====== DATA SUPPLIED ======

Lemma card_nonempty_subsets I :
  #|[pred A : {set T} | (A != set0) && (A \subset I)]| = (2 ^ #|I| - 1)%N.
Proof.
rewrite -card_powerset (cardsD1 set0) inE sub0set add1n subn1 /=.
by apply: eq_card => A; rewrite !inE.
Qed.

Lemma sum_nonempty_subsets_exp_le I m : 0 <= p <= 1 -> (#|I| <= m)%N ->
  \sum_(A : {set T} | (A != set0) && (A \subset I)) p ^+ (m - #|A|)
  <= (2 ^ #|I| - 1)%:R * p ^+ (m - #|I|).
Proof.
move=> /andP[p0 p1] Im.
apply: (@le_trans _ _
  (\sum_(A : {set T} | (A != set0) && (A \subset I)) p ^+ (m - #|I|))).
  apply: ler_sum => A /andP[_ AI]; apply: ler_wiXn2l => //.
  by rewrite leq_sub2l // subset_leq_card.
by rewrite sumr_const card_nonempty_subsets mulr_natl.
Qed.

(* With j = |S :&: S'|, the left side is at most (2^j - 1) p^|S :|: S'|, while
   the covariance is p^|S :|: S'| (1 - p^j), and 1 - p^j >= 1 - p once j > 0. *)
Lemma sum_common_subsets_le_cov (S S' : {set T}) n :
    0 < p < 1 -> (#|S :&: S'| <= n)%N ->
  \sum_(A : {set T} | (A != set0) && (A \subset S :&: S')) p ^+ (#|S| + #|S'| - #|A|)
  <= (2 ^ n - 1)%:R / (1 - p) * (p ^+ #|S :|: S'| - p ^+ #|S| * p ^+ #|S'|).
Proof.
move=> /andP[p0 p1] jn.
have q0 : 0 < 1 - p by rewrite subr_gt0.
have UI := cardsUI S S'.
set j := #|S :&: S'| in UI jn *; set u := #|S :|: S'| in UI *.
have p01 : 0 <= p <= 1 by rewrite !ltW.
have jS : (j <= #|S| + #|S'|)%N by rewrite -UI leq_addl.
apply: le_trans (sum_nonempty_subsets_exp_le p01 jS) _.
rewrite -UI addnK -exprD -UI exprD -/j.
have -> : (2 ^ n - 1)%:R / (1 - p) * (p ^+ u - p ^+ u * p ^+ j)
        = (2 ^ n - 1)%:R * (1 - p ^+ j) / (1 - p) * p ^+ u by ring.
apply: ler_wpM2r; first by rewrite exprn_ge0 ?ltW.
rewrite ler_pdivlMr //.
case: (posnP j) => [-> | j_gt0]; first by rewrite subnn !mul0r mulr_ge0 ?ler0n ?subrr.
apply: ler_pM; rewrite ?ler0n ?(ltW q0) //.
  by rewrite ler_nat leq_sub2r // leq_pexp2l.
by rewrite lerB // ler_iXnr // ltW.
Qed.

End NonemptySubsets.

Section SubgraphCount.
Context {R : realType}.
Variables (k N : nat) (h : rel 'I_k) (e : rel 'I_N) (p : R).
Hypotheses (p_gt0 : 0 < p) (p_lt1 : p < 1).
Let p_ge0 : 0 <= p := ltW p_gt0.
Local Notation ktuple := {ffun 'I_k -> 'I_N}.
Implicit Types (s : ktuple) (A : {set 'I_N}) (w : {ffun 'I_N -> bool}).

Definition scaledMH s : R := (autH h)%:R^-1 * MH h e s.

Lemma scaledMH_ge0 s : 0 <= scaledMH s.
Proof.
rewrite mulr_ge0 ?invr_ge0 ?ler0n //.
by apply: prodr_ge0 => i _; apply: prodr_ge0 => j _; apply: ler0n.
Qed.

Lemma card_entries s : injectiveb s -> #|entries s| = k.
Proof. by move/injectiveP => s_inj; rewrite card_imset // card_ord. Qed.

Lemma T_Xset w :
  T h e w = \sum_(s : ktuple | injectiveb s) scaledMH s * Xset w (entries s).
Proof. by rewrite /T mulr_sumr; apply: eq_bigr => s _; rewrite Xs_Xset mulrA. Qed.

Lemma VarT_cov : VarT h e p =
  \sum_(s : ktuple | injectiveb s) \sum_(s' : ktuple | injectiveb s')
    scaledMH s * scaledMH s' *
    (p ^+ #|entries s :|: entries s'| - p ^+ #|entries s| * p ^+ #|entries s'|).
Proof. exact: Ex_var_lincomb_Xset T_Xset. Qed.

Lemma tH_sum A :
  tH h e A = \sum_(s : ktuple | injectiveb s) scaledMH s * (A \subset entries s)%:R.
Proof.
rewrite /tH mulr_sumr big_mkcondr /=; apply: eq_bigr => s _.
by case: (A \subset entries s); rewrite ?mulr1 ?mulr0.
Qed.

Lemma tH_ge0 A : (0 : R) <= tH h e A.
Proof. by rewrite tH_sum sumr_ge0 // => s _; rewrite mulr_ge0 ?scaledMH_ge0 ?ler0n. Qed.

Lemma tH_sqr A : tH h e A ^+ 2 =
  \sum_(s : ktuple | injectiveb s) \sum_(s' : ktuple | injectiveb s')
    scaledMH s * scaledMH s' * (A \subset entries s :&: entries s')%:R.
Proof.
rewrite tH_sum expr2 big_distrlr /=; apply: eq_bigr => s _; apply: eq_bigr => s' _.
by rewrite subsetI -mulnb natrM; ring.
Qed.

Definition tH_weight A : R := tH h e A ^+ 2 * p ^+ (2 * k - #|A|).

Lemma tH_weight_mulXn A : (#|A| <= k)%N ->
  tH_weight A * p ^+ #|A| = tH h e A ^+ 2 * p ^+ (2 * k).
Proof. by move=> Ak; rewrite -mulrA -exprD subnK // (leq_trans Ak) // leq_pmull. Qed.

Lemma tH_weight_ge0 A : 0 <= tH_weight A.
Proof. by rewrite mulr_ge0 ?sqr_ge0 ?exprn_ge0. Qed.

Lemma sum_tH_weightE :
  \sum_(A : {set 'I_N} | A != set0) tH_weight A =
  \sum_(s : ktuple | injectiveb s) \sum_(s' : ktuple | injectiveb s')
    scaledMH s * scaledMH s' *
    \sum_(A : {set 'I_N} | (A != set0) && (A \subset entries s :&: entries s'))
      p ^+ (#|entries s| + #|entries s'| - #|A|).
Proof.
rewrite /tH_weight; under eq_bigr => A _ do rewrite tH_sqr mulr_suml.
rewrite exchange_big; apply: eq_bigr => s s_inj.
under eq_bigr => A _ do rewrite mulr_suml.
rewrite exchange_big; apply: eq_bigr => s' s'_inj.
rewrite mulr_sumr big_mkcondr /= !card_entries // addnn -mul2n.
by apply: eq_bigr => A _; case: (A \subset _); rewrite ?mulr1 ?mulr0 ?mul0r.
Qed.

Lemma sum_tH_weight_le :
  \sum_(A : {set 'I_N} | A != set0) tH_weight A
  <= (2 ^ k - 1)%:R / (1 - p) * VarT h e p.
Proof.
rewrite sum_tH_weightE VarT_cov mulr_sumr; apply: ler_sum => s s_inj.
rewrite mulr_sumr; apply: ler_sum => s' s'_inj.
rewrite [leRHS]mulrCA; apply: ler_wpM2l; first by rewrite mulr_ge0 ?scaledMH_ge0.
apply: sum_common_subsets_le_cov; first by rewrite p_gt0.
by rewrite -[leqRHS](card_entries s_inj) subset_leq_card ?subsetIl.
Qed.

Definition T_containing A w : R :=
  \sum_(s : ktuple | injectiveb s)
    scaledMH s * (A \subset entries s)%:R * Xset w (entries s).

Lemma Ex_T_containing A : Ex p (T_containing A) = tH h e A * p ^+ k.
Proof.
rewrite Ex_sum tH_sum mulr_suml; apply: eq_bigr => s s_inj.
by rewrite ExZ Ex_Xset card_entries.
Qed.

Variable M : R.

Definition badset A := (A != set0) && CM h e p M A.

Lemma goodMPn s :
  reflect (exists2 A, badset A & A \subset entries s) (~~ goodM h e p M s).
Proof.
rewrite /goodM negb_forall; apply: (iffP existsP) => [[A] | [A /andP[A0 bA] As]].
  by rewrite negb_imply negbK => /andP[/andP[A0 As] bA]; exists A; rewrite /badset ?A0.
by exists A; rewrite negb_imply negbK A0 As.
Qed.

Lemma T_subB_Tcirc w : T h e w - Tcirc h e p M w =
  \sum_(s : ktuple | injectiveb s)
    scaledMH s * Xset w (entries s) * (~~ goodM h e p M s)%:R.
Proof.
rewrite /T /Tcirc -mulrBr -sumrB mulr_sumr; apply: eq_bigr => s _.
by rewrite Xs_Xset /scaledMH; case: goodM => /=; ring.
Qed.

Lemma T_neq_Tcirc_le w :
  (T h e w != Tcirc h e p M w)%:R <= \sum_(A : {set 'I_N} | badset A) Xset w A :> R.
Proof.
have sum_ge0 (B : pred {set 'I_N}) : 0 <= \sum_(A | B A) Xset w A :> R.
  by rewrite sumr_ge0 // => A _; apply: Xset_ge0.
case: (boolP [exists A, badset A && (A \subset [set v | w v])]).
  case/existsP=> A /andP[bA Aw]; rewrite (bigD1 A) //= {1}/Xset Aw.
  by apply: (@le_trans _ _ 1); rewrite ?lern1 ?leq_b1 // lerDl sum_ge0.
move=> no_bad; suff -> : T h e w = Tcirc h e p M w by rewrite eqxx sum_ge0.
apply/eqP; rewrite -subr_eq0 T_subB_Tcirc big1 // => s _.
case: goodMPn => [[A bA As] | _]; last by rewrite mulr0.
suff -> : Xset w (entries s) = 0 :> R by rewrite mulr0 mul0r.
apply/eqP; rewrite pnatr_eq0 eqb0; apply: contra no_bad => Sw.
by apply/existsP; exists A; rewrite bA (subset_trans As Sw).
Qed.

Lemma normB_T_Tcirc_le w :
  `|T h e w - Tcirc h e p M w| <= \sum_(A : {set 'I_N} | badset A) T_containing A w.
Proof.
rewrite T_subB_Tcirc ger0_norm; last first.
  by apply: sumr_ge0 => s _; rewrite mulr_ge0 ?ler0n // mulr_ge0 ?scaledMH_ge0 ?Xset_ge0.
rewrite /T_containing exchange_big /=; apply: ler_sum => s _.
under eq_bigr => A _ do rewrite mulrAC.
rewrite -mulr_sumr; apply: ler_wpM2l; first by rewrite mulr_ge0 ?scaledMH_ge0 ?Xset_ge0.
case: goodMPn => [[A bA As] | _]; last by rewrite sumr_ge0 // => A _; apply: ler0n.
by rewrite (bigD1 A) //= As lerDl sumr_ge0 // => B _; apply: ler0n.
Qed.

Hypotheses (VarT_gt0 : 0 < VarT h e p) (M_gt0 : 0 < M).

Lemma badset_card A : badset A -> (#|A| <= k)%N.
Proof.
case/andP=> _; apply: contraTT; rewrite -ltnNge => kA.
rewrite /CM; have -> : tH h e A = 0 :> R.
  rewrite tH_sum big1 // => s s_inj; apply/eqP; rewrite mulf_eq0 pnatr_eq0 eqb0.
  apply/orP; right; apply: contraTN kA => /subset_leq_card.
  by rewrite card_entries // -leqNgt.
by rewrite expr2 mul0r -leNgt !mulr_ge0 ?exprz_ge0 // ltW.
Qed.

Lemma badset_sqr A :
  badset A -> M * VarT h e p * p ^+ (2 * #|A|) < tH h e A ^+ 2 * p ^+ (2 * k).
Proof.
have pE : p ^ ((2 * #|A|)%:Z - (2 * k)%:Z) * p ^+ (2 * k) = p ^+ (2 * #|A|).
  by rewrite !exprnP -expfzDr ?lt0r_neq0 // subrK.
case/andP=> _; rewrite /CM -(ltr_pM2r (exprn_gt0 (2 * k) p_gt0)).
suff -> : M * p ^ ((2 * #|A|)%:Z - (2 * k)%:Z) * VarT h e p * p ^+ (2 * k)
        = M * VarT h e p * p ^+ (2 * #|A|) by [].
by rewrite -pE; ring.
Qed.

Lemma badset_exp_le A : badset A -> p ^+ #|A| <= tH_weight A / (M * VarT h e p).
Proof.
move=> bA; have pA := exprn_gt0 #|A| p_gt0.
rewrite ler_pdivlMr ?mulr_gt0 // -(ler_pM2r pA) tH_weight_mulXn ?badset_card //.
have -> : p ^+ #|A| * (M * VarT h e p) * p ^+ #|A| = M * VarT h e p * p ^+ (2 * #|A|).
  by rewrite mul2n -addnn exprD; ring.
exact/ltW/badset_sqr.
Qed.

(* Both sides are compared after multiplication by p^|A|: this turns the claim
   into [Y * X <= Y^2] for [X = sqrt(M Var) p^|A| < Y = tH(A) p^k]. *)
Lemma badset_tH_le A :
  badset A -> tH h e A * p ^+ k <= tH_weight A / (Num.sqrt M * Num.sqrt (VarT h e p)).
Proof.
move=> bA; have pA := exprn_gt0 #|A| p_gt0.
have sMV : 0 < Num.sqrt M * Num.sqrt (VarT h e p) by rewrite mulr_gt0 ?sqrtr_gt0.
set X := Num.sqrt M * Num.sqrt (VarT h e p) * p ^+ #|A|.
set Y := tH h e A * p ^+ k.
have X_ge0 : 0 <= X by rewrite mulr_ge0 ?exprn_ge0 // ltW.
have Y_ge0 : 0 <= Y by rewrite mulr_ge0 ?tH_ge0 ?exprn_ge0.
have X2 : X ^+ 2 = M * VarT h e p * p ^+ (2 * #|A|).
  by rewrite /X !exprMn !sqr_sqrtr ?(ltW M_gt0) ?(ltW VarT_gt0) // -exprM mulnC.
have Y2 : Y ^+ 2 = tH h e A ^+ 2 * p ^+ (2 * k).
  by rewrite /Y exprMn -exprM mulnC.
have XY : X <= Y.
  by rewrite -(ler_pXn2r (_ : 0 < 2)%N) ?nnegrE // X2 Y2 ltW // badset_sqr.
rewrite ler_pdivlMr // -(ler_pM2r pA) tH_weight_mulXn ?badset_card //.
by rewrite -Y2 -mulrA -/X expr2 ler_wpM2l.
Qed.

Lemma sum_badset_le (f : {set 'I_N} -> R) c : 0 < c ->
    (forall A, badset A -> f A <= tH_weight A / c) ->
  \sum_(A : {set 'I_N} | badset A) f A <= (2 ^ k - 1)%:R / (1 - p) * VarT h e p / c.
Proof.
move=> c_gt0 f_le; apply: le_trans (ler_sum (index_enum _) f_le) _.
rewrite -mulr_suml; apply: ler_wpM2r; first by rewrite invr_ge0 ltW.
apply: le_trans sum_tH_weight_le.
rewrite big_mkcond [leRHS]big_mkcond; apply: ler_sum => A _.
rewrite /badset; case: (A != set0) => //=; case: CM => //.
exact: tH_weight_ge0.
Qed.

End SubgraphCount.

Theorem lemma5p2 (R : realType) (k N : nat) (h : rel 'I_k) (e : rel 'I_N) (p M : R) :
  simple_graph h -> connected_graph h -> simple_graph e ->
  0 < p < 1 -> 0 < VarT h e p -> 0 < M ->
  Pr p (fun w => T h e w != Tcirc h e p M w)
    <= (2 ^ k - 1)%:R / (M * (1 - p)) /\
  (Num.sqrt (VarT h e p))^-1 * Ex p (fun w => `|T h e w - Tcirc h e p M w|)
    <= (2 ^ k - 1)%:R / (Num.sqrt M * (1 - p)).
Proof.
move=> _ _ _ /andP[p_gt0 p_lt1] V_gt0 M_gt0.
have p01 : 0 <= p <= 1 by rewrite !ltW.
have q_neq0 : 1 - p != 0 by rewrite subr_eq0 gt_eqF.
have sV_gt0 : 0 < Num.sqrt (VarT h e p) by rewrite sqrtr_gt0.
split.
- rewrite Pr_Ex; apply: le_trans (ler_Ex p01 (T_neq_Tcirc_le h e p M)) _.
  rewrite Ex_sum (eq_bigr _ (fun A _ => Ex_Xset p A)).
  apply: le_trans (sum_badset_le p_gt0 p_lt1 (mulr_gt0 M_gt0 V_gt0)
                     (badset_exp_le p_gt0 V_gt0 M_gt0)) _.
  by rewrite le_eqVlt; apply/predU1l; field; rewrite q_neq0 !gt_eqF.
- rewrite -ler_pdivlMl ?invr_gt0 // invrK.
  apply: le_trans (ler_Ex p01 (normB_T_Tcirc_le h e p M)) _.
  rewrite Ex_sum (eq_bigr _ (fun A _ => Ex_T_containing h e p A)).
  apply: le_trans (sum_badset_le p_gt0 p_lt1 _
                     (badset_tH_le p_gt0 V_gt0 M_gt0)) _.
    by rewrite mulr_gt0 ?sqrtr_gt0.
  rewrite -{1}(sqr_sqrtr (ltW V_gt0)).
  by rewrite le_eqVlt; apply/predU1l; field; rewrite q_neq0 !gt_eqF ?sqrtr_gt0.
Qed.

======

■ **EXERCISE AIM**
Scan the entries above for the string "mulnC", and copy every line where it turns up.

■ **SOLUTION TO THIS EXERCISE**
  by rewrite /X !exprMn !sqr_sqrtr ?(ltW M_gt0) ?(ltW VarT_gt0) // -exprM mulnC.
  by rewrite /Y exprMn -exprM mulnC.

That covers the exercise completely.